## Exercise instructions
In the data below, find every line with the word "QuadMapEntry" and copy it.

(Collected data)
*** Block opens ***

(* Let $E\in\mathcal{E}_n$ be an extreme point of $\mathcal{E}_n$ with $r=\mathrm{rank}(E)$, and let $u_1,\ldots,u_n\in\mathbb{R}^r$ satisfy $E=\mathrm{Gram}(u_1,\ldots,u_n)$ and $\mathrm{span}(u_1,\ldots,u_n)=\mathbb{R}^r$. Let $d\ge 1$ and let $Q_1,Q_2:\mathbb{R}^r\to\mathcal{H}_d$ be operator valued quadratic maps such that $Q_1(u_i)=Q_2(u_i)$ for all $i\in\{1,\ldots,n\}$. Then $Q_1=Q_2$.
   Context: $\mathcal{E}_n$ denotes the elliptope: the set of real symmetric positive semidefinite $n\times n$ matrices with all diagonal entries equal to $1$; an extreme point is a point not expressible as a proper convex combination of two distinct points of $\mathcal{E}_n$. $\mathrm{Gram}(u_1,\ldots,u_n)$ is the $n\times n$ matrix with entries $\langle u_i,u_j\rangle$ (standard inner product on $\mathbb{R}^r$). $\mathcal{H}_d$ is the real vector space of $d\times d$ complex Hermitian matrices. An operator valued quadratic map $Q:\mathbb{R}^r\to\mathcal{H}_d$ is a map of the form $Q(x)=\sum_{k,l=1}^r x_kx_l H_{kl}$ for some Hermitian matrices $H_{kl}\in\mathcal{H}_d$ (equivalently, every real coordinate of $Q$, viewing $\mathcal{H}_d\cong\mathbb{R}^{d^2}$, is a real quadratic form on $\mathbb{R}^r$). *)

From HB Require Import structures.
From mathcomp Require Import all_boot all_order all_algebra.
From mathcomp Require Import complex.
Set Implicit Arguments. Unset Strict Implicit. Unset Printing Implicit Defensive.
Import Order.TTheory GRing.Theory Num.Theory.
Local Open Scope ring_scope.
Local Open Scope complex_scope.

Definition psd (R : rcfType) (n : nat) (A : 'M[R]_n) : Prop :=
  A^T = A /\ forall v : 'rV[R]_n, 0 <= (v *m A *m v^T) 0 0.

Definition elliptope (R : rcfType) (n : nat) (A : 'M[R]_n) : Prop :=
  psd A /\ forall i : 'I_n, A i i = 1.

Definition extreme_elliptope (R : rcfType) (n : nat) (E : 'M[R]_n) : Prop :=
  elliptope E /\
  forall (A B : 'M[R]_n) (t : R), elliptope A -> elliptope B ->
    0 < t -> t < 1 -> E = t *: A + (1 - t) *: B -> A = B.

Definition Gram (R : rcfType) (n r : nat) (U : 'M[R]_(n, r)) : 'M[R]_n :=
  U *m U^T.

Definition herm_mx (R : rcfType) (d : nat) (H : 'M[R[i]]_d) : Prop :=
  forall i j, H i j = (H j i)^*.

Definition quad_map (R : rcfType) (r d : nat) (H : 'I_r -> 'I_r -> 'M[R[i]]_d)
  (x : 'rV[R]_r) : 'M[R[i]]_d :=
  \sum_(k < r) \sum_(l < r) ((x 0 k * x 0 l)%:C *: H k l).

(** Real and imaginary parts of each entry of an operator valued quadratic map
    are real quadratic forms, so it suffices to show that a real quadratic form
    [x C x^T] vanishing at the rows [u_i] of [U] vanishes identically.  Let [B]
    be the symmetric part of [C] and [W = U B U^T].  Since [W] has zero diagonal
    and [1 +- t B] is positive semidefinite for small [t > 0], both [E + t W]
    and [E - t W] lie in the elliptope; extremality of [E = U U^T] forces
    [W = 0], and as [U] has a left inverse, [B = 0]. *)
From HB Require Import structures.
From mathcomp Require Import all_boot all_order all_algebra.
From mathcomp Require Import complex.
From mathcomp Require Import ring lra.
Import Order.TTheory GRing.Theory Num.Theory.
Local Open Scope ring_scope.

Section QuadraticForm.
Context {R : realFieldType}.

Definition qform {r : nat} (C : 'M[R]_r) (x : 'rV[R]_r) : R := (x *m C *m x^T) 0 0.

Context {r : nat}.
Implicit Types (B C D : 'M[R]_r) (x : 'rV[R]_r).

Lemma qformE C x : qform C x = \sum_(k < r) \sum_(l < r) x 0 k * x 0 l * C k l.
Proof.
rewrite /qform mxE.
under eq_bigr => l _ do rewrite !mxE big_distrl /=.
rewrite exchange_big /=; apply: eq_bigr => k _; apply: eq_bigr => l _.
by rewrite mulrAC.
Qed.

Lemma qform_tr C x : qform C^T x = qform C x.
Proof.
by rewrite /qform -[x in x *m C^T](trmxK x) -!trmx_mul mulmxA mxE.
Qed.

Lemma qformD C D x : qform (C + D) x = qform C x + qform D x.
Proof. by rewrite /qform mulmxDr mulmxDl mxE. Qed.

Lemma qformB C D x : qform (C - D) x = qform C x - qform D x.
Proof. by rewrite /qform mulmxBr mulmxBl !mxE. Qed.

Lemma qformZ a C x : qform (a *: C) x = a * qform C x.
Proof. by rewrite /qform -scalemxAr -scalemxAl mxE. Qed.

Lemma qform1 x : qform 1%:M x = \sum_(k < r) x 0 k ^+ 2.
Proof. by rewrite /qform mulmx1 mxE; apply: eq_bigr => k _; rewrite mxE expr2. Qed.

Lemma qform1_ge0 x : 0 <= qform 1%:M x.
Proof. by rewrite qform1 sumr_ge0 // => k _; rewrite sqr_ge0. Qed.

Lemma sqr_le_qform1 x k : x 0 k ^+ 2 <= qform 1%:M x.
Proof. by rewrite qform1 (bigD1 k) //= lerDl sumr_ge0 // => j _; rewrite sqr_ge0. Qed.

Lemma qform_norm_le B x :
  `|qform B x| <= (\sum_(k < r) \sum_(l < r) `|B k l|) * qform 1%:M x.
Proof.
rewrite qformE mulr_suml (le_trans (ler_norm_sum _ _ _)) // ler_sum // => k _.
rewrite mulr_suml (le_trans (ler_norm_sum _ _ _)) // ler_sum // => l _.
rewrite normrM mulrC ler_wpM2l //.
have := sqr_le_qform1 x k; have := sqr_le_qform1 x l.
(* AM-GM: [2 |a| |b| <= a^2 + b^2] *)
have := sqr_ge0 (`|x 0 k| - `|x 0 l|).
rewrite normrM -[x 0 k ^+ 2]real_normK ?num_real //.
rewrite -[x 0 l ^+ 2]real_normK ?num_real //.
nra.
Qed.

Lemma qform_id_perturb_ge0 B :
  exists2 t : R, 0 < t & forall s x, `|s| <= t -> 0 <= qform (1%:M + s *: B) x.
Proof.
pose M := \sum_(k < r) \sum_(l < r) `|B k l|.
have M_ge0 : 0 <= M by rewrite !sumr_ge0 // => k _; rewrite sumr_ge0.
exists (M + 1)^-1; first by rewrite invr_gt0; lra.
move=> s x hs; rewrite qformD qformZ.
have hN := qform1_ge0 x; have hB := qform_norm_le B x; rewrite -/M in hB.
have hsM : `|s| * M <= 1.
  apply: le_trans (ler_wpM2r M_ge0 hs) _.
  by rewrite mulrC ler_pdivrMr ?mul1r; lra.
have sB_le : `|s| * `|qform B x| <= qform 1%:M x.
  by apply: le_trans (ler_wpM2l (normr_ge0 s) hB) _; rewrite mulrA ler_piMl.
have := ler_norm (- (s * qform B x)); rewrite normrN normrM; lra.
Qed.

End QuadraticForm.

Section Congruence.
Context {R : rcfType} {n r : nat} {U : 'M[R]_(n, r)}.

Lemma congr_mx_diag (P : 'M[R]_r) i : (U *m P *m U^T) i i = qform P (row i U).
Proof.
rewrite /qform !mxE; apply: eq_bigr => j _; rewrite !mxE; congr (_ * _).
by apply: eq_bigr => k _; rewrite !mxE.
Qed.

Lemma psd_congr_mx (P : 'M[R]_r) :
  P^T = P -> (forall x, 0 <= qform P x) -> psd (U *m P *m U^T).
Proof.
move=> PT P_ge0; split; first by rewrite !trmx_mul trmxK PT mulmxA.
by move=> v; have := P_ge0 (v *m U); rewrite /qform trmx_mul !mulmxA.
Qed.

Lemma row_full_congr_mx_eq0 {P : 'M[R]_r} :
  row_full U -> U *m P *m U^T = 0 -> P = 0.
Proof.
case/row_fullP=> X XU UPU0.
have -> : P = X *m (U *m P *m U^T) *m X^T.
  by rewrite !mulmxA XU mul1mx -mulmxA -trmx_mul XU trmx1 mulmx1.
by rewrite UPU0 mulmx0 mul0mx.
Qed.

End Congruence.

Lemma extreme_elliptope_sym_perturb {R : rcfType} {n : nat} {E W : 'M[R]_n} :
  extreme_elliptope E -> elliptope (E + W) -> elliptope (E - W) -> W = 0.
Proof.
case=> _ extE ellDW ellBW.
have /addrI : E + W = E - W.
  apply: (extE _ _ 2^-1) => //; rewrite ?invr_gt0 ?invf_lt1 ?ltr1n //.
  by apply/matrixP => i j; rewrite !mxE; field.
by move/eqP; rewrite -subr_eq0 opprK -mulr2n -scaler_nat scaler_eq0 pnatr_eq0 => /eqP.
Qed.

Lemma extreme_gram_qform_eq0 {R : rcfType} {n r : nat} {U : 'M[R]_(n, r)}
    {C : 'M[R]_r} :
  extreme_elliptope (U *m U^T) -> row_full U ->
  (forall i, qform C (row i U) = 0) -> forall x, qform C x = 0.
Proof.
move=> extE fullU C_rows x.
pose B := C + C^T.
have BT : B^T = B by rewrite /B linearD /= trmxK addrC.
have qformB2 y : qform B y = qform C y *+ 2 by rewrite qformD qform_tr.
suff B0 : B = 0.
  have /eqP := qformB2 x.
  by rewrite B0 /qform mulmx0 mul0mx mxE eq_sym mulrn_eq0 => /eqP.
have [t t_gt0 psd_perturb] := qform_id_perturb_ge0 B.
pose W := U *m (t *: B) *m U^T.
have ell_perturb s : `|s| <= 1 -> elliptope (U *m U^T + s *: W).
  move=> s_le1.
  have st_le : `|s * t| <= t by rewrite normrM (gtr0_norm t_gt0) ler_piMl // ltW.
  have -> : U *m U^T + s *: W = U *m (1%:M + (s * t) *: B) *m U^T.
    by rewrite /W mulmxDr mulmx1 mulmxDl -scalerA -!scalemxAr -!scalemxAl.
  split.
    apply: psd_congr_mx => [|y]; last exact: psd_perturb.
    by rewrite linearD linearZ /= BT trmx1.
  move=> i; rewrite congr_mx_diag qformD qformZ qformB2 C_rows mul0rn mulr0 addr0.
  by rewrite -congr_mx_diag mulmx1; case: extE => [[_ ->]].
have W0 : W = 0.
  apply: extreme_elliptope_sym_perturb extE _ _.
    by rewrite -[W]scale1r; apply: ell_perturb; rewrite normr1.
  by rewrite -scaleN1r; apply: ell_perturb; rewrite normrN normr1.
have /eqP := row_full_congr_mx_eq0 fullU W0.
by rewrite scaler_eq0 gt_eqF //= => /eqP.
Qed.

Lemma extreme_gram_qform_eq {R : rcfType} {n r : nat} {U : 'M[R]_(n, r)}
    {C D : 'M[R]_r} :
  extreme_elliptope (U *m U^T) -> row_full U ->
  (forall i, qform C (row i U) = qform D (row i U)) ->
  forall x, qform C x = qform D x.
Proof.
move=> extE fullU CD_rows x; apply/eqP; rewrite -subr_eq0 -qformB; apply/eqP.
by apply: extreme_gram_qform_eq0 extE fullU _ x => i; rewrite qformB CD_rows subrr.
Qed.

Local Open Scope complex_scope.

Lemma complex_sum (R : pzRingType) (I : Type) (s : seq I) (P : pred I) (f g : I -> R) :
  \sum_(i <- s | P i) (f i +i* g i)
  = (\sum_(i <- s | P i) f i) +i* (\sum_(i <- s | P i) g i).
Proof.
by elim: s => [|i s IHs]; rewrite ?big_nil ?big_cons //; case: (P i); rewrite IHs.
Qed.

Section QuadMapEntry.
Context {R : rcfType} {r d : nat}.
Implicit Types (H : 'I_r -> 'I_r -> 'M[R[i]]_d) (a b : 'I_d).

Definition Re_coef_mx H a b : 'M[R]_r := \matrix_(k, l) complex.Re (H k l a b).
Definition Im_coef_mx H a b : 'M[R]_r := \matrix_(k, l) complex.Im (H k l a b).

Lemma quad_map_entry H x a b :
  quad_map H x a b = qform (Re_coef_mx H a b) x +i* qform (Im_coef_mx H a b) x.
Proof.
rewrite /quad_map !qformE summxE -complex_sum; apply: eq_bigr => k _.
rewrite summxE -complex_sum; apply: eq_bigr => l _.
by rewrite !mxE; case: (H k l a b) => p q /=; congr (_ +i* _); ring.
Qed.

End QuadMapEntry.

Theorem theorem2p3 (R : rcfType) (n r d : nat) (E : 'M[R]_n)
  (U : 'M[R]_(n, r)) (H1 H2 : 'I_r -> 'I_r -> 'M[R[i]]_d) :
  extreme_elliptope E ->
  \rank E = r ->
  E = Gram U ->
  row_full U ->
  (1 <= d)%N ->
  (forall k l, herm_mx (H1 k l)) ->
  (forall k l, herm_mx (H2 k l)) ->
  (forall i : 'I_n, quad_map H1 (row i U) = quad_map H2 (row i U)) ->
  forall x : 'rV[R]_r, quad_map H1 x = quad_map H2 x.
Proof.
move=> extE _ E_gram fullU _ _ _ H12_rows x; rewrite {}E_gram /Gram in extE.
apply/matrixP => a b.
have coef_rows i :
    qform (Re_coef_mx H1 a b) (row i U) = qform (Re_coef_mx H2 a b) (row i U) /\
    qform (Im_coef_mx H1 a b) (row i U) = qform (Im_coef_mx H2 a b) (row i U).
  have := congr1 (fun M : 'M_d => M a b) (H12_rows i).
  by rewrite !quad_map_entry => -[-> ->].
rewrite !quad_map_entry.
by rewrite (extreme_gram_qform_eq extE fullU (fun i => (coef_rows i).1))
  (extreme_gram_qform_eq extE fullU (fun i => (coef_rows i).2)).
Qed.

*** Block closes ***
*** Block opens ***

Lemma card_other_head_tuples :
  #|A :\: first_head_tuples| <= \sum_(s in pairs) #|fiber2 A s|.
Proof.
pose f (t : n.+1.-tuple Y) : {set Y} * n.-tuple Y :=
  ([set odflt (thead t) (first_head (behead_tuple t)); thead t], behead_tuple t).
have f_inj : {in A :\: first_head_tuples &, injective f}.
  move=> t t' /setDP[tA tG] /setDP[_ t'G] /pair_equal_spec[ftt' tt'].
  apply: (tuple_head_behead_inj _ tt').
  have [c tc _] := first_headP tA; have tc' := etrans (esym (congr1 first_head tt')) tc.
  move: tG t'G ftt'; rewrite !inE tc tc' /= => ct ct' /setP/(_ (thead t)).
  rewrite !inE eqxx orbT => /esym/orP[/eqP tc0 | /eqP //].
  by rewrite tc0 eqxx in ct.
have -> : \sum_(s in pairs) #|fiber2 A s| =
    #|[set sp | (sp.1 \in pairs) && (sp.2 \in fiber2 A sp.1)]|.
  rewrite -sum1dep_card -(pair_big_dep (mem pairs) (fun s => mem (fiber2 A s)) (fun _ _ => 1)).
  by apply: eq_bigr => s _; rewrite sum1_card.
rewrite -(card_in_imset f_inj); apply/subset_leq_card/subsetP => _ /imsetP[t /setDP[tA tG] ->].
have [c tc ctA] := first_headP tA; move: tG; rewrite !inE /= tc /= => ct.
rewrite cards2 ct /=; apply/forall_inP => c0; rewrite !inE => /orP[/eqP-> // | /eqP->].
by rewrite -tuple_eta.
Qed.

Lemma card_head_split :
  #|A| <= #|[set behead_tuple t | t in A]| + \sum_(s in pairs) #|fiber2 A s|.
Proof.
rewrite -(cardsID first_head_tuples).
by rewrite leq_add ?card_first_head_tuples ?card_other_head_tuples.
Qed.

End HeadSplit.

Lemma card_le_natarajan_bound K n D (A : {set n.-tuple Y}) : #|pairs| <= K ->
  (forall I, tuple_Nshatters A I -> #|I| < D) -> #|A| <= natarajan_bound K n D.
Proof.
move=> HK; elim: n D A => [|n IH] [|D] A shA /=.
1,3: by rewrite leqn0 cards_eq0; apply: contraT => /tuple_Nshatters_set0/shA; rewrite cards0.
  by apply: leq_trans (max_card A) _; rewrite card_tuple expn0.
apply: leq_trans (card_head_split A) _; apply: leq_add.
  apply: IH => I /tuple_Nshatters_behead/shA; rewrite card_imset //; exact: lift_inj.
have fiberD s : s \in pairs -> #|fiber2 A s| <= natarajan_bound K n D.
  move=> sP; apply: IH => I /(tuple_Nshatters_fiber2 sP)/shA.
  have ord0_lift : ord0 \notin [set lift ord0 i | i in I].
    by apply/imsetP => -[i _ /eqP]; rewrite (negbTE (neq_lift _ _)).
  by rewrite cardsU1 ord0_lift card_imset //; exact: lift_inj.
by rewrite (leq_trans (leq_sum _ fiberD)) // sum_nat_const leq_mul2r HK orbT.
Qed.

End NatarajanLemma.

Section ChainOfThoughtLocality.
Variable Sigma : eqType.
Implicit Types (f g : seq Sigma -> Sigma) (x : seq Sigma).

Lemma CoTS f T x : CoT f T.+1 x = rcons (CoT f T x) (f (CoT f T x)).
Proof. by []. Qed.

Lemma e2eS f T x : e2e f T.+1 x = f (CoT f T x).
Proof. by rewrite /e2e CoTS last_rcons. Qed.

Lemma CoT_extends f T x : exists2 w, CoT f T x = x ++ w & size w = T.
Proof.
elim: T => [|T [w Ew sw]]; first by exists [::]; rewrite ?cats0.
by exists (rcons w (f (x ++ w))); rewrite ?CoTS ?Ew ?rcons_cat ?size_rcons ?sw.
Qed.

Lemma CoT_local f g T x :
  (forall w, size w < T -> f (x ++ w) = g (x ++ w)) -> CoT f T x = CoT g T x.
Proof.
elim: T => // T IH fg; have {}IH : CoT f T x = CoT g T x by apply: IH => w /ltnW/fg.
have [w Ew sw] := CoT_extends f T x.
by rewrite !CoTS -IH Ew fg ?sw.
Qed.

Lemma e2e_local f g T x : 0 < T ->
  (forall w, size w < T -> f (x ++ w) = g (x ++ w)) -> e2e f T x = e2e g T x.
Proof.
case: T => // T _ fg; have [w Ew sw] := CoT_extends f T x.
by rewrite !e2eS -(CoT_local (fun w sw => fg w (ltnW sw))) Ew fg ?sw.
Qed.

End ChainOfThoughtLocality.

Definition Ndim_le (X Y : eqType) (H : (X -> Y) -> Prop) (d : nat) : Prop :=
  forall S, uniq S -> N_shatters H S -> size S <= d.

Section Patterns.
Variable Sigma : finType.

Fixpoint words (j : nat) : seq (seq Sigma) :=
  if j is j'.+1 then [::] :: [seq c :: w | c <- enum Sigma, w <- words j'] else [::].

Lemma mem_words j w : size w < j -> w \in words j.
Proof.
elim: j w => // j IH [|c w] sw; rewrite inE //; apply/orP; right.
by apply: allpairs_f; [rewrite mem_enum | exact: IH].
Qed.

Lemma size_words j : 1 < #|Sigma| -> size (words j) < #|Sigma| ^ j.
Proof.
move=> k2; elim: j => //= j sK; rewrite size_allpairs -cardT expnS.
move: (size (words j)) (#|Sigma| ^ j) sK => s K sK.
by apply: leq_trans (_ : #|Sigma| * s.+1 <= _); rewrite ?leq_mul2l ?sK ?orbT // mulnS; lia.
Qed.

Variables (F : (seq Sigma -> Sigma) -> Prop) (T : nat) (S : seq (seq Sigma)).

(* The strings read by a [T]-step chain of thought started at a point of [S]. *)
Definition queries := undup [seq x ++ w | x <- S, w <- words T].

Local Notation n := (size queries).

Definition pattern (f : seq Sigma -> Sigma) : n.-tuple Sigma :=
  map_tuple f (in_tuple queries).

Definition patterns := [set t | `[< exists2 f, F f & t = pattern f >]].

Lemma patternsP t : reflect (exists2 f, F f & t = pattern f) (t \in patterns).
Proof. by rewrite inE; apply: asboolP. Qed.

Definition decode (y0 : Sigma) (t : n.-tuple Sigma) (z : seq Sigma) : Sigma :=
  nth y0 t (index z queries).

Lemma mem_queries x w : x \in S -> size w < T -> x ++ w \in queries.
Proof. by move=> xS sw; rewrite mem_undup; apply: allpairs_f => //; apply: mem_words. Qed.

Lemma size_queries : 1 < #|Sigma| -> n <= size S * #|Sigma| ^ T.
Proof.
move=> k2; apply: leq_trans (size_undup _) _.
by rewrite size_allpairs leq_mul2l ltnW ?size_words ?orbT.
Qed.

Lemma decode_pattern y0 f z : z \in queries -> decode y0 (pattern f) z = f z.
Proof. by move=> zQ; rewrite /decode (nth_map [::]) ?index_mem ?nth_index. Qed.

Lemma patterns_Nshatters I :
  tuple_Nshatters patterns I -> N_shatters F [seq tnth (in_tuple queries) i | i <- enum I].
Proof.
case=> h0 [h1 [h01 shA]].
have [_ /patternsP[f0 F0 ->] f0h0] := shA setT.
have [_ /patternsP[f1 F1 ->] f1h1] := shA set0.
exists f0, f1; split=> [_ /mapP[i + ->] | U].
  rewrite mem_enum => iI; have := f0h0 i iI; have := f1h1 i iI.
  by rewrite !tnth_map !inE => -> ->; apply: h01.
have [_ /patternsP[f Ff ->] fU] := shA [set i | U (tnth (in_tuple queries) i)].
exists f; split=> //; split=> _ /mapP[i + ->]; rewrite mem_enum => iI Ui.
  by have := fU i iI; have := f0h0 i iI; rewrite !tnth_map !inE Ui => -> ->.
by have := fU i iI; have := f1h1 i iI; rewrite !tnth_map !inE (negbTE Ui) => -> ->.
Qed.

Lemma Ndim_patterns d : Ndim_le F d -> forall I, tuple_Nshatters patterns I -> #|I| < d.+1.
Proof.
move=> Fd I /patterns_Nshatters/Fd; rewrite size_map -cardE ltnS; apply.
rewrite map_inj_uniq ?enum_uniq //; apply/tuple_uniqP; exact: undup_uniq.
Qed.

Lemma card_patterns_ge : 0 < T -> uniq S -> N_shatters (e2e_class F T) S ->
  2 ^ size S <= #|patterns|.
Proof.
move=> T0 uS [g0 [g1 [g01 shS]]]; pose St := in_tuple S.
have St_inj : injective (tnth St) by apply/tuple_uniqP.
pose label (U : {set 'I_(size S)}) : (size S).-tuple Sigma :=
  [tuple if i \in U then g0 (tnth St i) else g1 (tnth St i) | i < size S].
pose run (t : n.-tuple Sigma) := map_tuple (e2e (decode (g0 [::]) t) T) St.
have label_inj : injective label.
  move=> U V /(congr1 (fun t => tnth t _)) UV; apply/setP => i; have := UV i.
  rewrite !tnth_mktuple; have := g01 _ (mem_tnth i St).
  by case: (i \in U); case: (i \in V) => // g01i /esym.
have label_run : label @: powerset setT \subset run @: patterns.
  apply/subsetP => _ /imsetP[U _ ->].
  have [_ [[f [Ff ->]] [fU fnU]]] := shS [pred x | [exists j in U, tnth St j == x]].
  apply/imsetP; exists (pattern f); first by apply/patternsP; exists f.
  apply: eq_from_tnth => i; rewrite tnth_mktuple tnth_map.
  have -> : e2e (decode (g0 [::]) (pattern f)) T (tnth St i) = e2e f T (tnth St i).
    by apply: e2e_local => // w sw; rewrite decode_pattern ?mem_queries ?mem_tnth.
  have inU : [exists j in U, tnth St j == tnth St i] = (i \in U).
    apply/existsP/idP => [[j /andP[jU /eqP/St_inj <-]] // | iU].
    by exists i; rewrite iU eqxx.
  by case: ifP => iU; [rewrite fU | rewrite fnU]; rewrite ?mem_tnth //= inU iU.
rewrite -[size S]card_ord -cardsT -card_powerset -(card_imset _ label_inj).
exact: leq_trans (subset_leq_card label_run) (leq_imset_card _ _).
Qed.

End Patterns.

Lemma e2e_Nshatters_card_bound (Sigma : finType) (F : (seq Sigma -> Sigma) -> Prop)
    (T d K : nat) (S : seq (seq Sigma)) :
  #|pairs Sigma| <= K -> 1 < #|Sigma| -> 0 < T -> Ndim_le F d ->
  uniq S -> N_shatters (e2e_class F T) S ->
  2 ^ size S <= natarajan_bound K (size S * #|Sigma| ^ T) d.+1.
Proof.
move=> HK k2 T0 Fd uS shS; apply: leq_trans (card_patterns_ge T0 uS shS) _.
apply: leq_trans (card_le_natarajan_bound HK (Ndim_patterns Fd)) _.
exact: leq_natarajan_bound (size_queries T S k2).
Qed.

*** Block closes ***

## Response area
Section QuadMapEntry.
End QuadMapEntry.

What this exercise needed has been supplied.